Data ->
-- Opening Marker --

Lemma card_uncovered_greedy k : exists2 C : {set T},
  (C \subset E) && (#|C| <= k)%N &
  #|uncovered C|%:R <= #|E|%:R * (1 - b / #|E|%:R) ^+ k.
Proof.
have E_gt0 : 0 < #|E|%:R :> R by rewrite ltr0n card_gt0.
have ratio_ge0 : 0 <= 1 - b / #|E|%:R.
  have /set0Pn[x Ex] := E_neq0.
  rewrite subr_ge0 ler_pdivrMr // mul1r (le_trans (b_le_deg Ex)) // ler_nat.
  by apply/subset_leq_card/fintype.subsetP => c; rewrite inE => /andP[].
elim: k => [|k [C /andP[sCE C_le_k] IH]].
  exists finset.set0; first by rewrite finset.sub0set cards0.
  rewrite expr0 mulr1 ler_nat subset_leq_card //.
  by apply/fintype.subsetP => x; rewrite inE => /andP[].
set S := uncovered C; have [c Ec c_dense] := exists_dense_center S.
exists (c |: C).
  by rewrite finset.subUset finset.sub1set Ec sCE cardsU1 (leq_add (leq_b1 _) C_le_k).
have -> : uncovered (c |: C) = S :\: B c.
  apply/setP => x; rewrite !inE andbCA; case: (x \in E) => //=.
  apply/forall_inP/andP => [x_unc | [x_notin_c /forall_inP x_unc] c'].
    split; last apply/forall_inP => c' c'C.
      by apply: x_unc; rewrite !inE eqxx.
    by apply: x_unc; rewrite !inE c'C orbT.
  by rewrite !inE => /orP[/eqP-> | /x_unc].
rewrite cardsD finset.setIC natrB ?subset_leq_card ?finset.subsetIr // exprS mulrCA.
apply: (le_trans _ (ler_wpM2l ratio_ge0 IH)).
rewrite mulrBl mul1r lerD2l lerN2 mulrAC ler_pdivrMr // -natrM.
apply: (le_trans _ (_ : (\sum_(x in S) #|[set c in E | x \in B c]|)%:R <= _)).
  rewrite -sum1_card !natr_sum mulr_sumr; apply: ler_sum => x.
  by rewrite inE mulr1 => /andP[Ex _]; apply: b_le_deg.
by rewrite ler_nat.
Qed.

Lemma greedy_cover k : #|E|%:R * (1 - b / #|E|%:R) ^+ k < 1 ->
  exists2 C : {set T}, (C \subset E) && (#|C| <= k)%N &
    forall x, x \in E -> exists2 c, c \in C & x \in B c.
Proof.
move=> small; have [C CE unc_le] := card_uncovered_greedy k.
exists C => // x Ex; have : x \notin uncovered C.
  suff -> : uncovered C = finset.set0 by rewrite inE.
  by apply/eqP; rewrite -cards_eq0 -leqn0 -ltnS -(ltr_nat R) (le_lt_trans unc_le).
by rewrite inE Ex negb_forall_in => /exists_inP[c cC]; rewrite negbK; exists c.
Qed.

End GreedyCover.

Section StepCount.
Local Open Scope ring_scope.

Lemma exists_steps_uncovered_lt1 (R : realType) (N V : R) : 1 <= V -> V < N ->
  exists k : nat,
    k%:R <= (1 - logb N (N - V))^-1 + 1 /\ N * (1 - V / N) ^+ k < 1.
Proof.
move=> V_ge1 V_lt_N.
have N_gt1 : 1 < N := le_lt_trans V_ge1 V_lt_N.
have N_gt0 : 0 < N := lt_trans ltr01 N_gt1.
have NV_gt0 : 0 < N - V by rewrite subr_gt0.
have lnN_gt0 : 0 < ln N by apply: ln_gt0.
have dln_gt0 : 0 < ln N - ln (N - V).
  by rewrite subr_gt0 ltr_ln ?posrE // ltrBlDr ltrDl (lt_le_trans ltr01).
set L := ln N / (ln N - ln (N - V)).
have -> : (1 - logb N (N - V))^-1 = L.
  by rewrite /logb /L; field; rewrite !gt_eqF.
have L_ge0 : 0 <= L by rewrite divr_ge0 ?ltW.
exists (Num.truncn L).+1; split; first by rewrite -natr1 lerD2r truncn_le.
have ln_lt0 : ln (N * ((N - V) / N) ^+ (Num.truncn L).+1) < 0.
  rewrite lnM ?posrE ?exprn_gt0 ?divr_gt0 // lnXn ?divr_gt0 // ln_div ?posrE //.
  by rewrite -opprB mulNrn subr_lt0 -mulr_natl -ltr_pdivrMr // truncnS_gt.
have -> : 1 - V / N = (N - V) / N by rewrite mulrBl mulfV ?gt_eqF.
rewrite ltNge; apply/negP => /ln_ge0.
by rewrite leNgt ln_lt0.
Qed.

End StepCount.

Lemma covrad_le (F : finFieldType) n r rho (C : {set 'M[F]_n}) :
  (forall U, U \in Er F n r -> exists2 c, c \in C & (dI U c <= rho)%N) ->
  (covrad r C <= rho)%N.
Proof.
move=> C_cov; apply/bigmax_leqP => U /C_cov[c cC dUc].
by apply: leq_trans dUc; rewrite -minEnat -leEnat; apply: bigmin_le_cond.
Qed.

Lemma KC_le_card_cover (F : finFieldType) n r rho (C : {set 'M[F]_n}) :
  C \subset Er F n r -> Er F n r != finset.set0 ->
  (forall U, U \in Er F n r -> exists2 c, c \in C & (dI U c <= rho)%N) ->
  (KC F n r rho <= #|C|)%N.
Proof.
move=> sCE /set0Pn[U EU] C_cov.
have C_neq0 : C != finset.set0 by have [c cC _] := C_cov U EU; apply/set0Pn; exists c.
rewrite /KC -minEnat -leEnat; apply: bigmin_le_cond.
by rewrite powersetE sCE C_neq0 leEnat (covrad_le C_cov).
Qed.

Section CoveringCounts.
Variables (R : realType) (F : finFieldType) (n r : nat).
Hypothesis r_le_n : (r <= n)%N.
Local Open Scope ring_scope.
Local Notation q := #|F|.

Lemma card_Er_gt0 : (0 < #|Er F n r|)%N.
Proof.
have := @qprod_from_nat_gt0 F n 0 r r_le_n.
by rewrite -(card_Er_mul F n r) muln_gt0 => /andP[].
Qed.

Lemma VC_ge1 t : (t <= r)%N -> (t <= n - r)%N -> 1 <= VC R q n r t.
Proof.
move=> t_le_r t_le_nr; rewrite /VC big_ltn // {1}/NC /gauss_binom !big_ord0.
rewrite mul1r !mulr1 lerDl big_nat sumr_ge0 // => d /andP[_ d_le_t].
by rewrite ltW // NC_gt0; lia.
Qed.

Lemma VC_lt_card_Er t : (t < r)%N -> (r + r <= n)%N -> VC R q n r t < #|Er F n r|%:R.
Proof.
move=> t_lt_r rr_le_n.
have /set0Pn[U EU] : Er F n r != finset.set0 by rewrite -card_gt0 card_Er_gt0.
apply: (@lt_le_trans _ _ (VC R q n r r)).
  have -> : VC R q n r r = VC R q n r t + \sum_(t.+1 <= d < r.+1) NC R q n r d.
    by rewrite /VC (big_cat_nat _ (n := t.+1)) // ltnS ltnW.
  rewrite ltrDl big_nat_recr //=.
  rewrite ltr_wpDl ?NC_gt0 //; last lia.
  by rewrite big_nat sumr_ge0 // => d /andP[_ d_lt_r]; rewrite ltW // NC_gt0; lia.
apply: le_trans (VC_le_card_ball R EU (leqnn r) rr_le_n) _.
by rewrite ler_nat subset_leq_card //; apply/fintype.subsetP => c; rewrite inE => /andP[].
Qed.

End CoveringCounts.

Theorem proposition8 (R : realType) (F : finFieldType) (n r rho : nat) :
  (r <= n./2)%N -> (0 < rho)%N -> (rho < r)%N ->
  let q := #|F| in
  let G := gauss_binom R q n r in
  ((KC F n r rho)%:R <=
     (1 - logb G (G - VC R q n r rho))^-1 + 1)%R.
Proof.
move=> r_le_half _ rho_lt_r; cbv zeta.
have rr_le_n : (r + r <= n)%N by move: r_le_half; rewrite geq_half_double -addnn.
have r_le_n : (r <= n)%N by lia.
rewrite gauss_binom_card_Er //.
have rho_le_r := ltnW rho_lt_r.
have rho_le_nr : (rho <= n - r)%N by lia.
have rrho_le_n : (r + rho <= n)%N by lia.
have [k [k_le k_small]] := exists_steps_uncovered_lt1
  (VC_ge1 R F r_le_n rho_le_r rho_le_nr) (VC_lt_card_Er R F r_le_n rho_lt_r rr_le_n).
pose ball c := [set W in Er F n r | (dI W c <= rho)%N].
have deg_ge : forall U, U \in Er F n r ->
    (VC R #|F| n r rho <= #|[set c in Er F n r | U \in ball c]|%:R)%R.
  move=> U EU; apply: le_trans (VC_le_card_ball R EU rho_le_r rrho_le_n) _.
  by rewrite ler_nat; apply/eq_leq/eq_card => c; move: EU; rewrite !inE => /andP[-> ->].
have Er_neq0 : Er F n r != finset.set0 by rewrite -card_gt0 card_Er_gt0.
have [C /andP[sCE C_le_k] C_cov] := greedy_cover Er_neq0 deg_ge k_small.
apply: (le_trans _ k_le); rewrite ler_nat (leq_trans _ C_le_k) //.
apply: KC_le_card_cover => // U /C_cov[c cC].
by rewrite inE => /andP[_ dUc]; exists c.
Qed.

-- Closing Marker --

Action item ->
In the listing above, find every line with the word "CoveringCounts" and copy it.

Finished exercise ->
Section CoveringCounts.
End CoveringCounts.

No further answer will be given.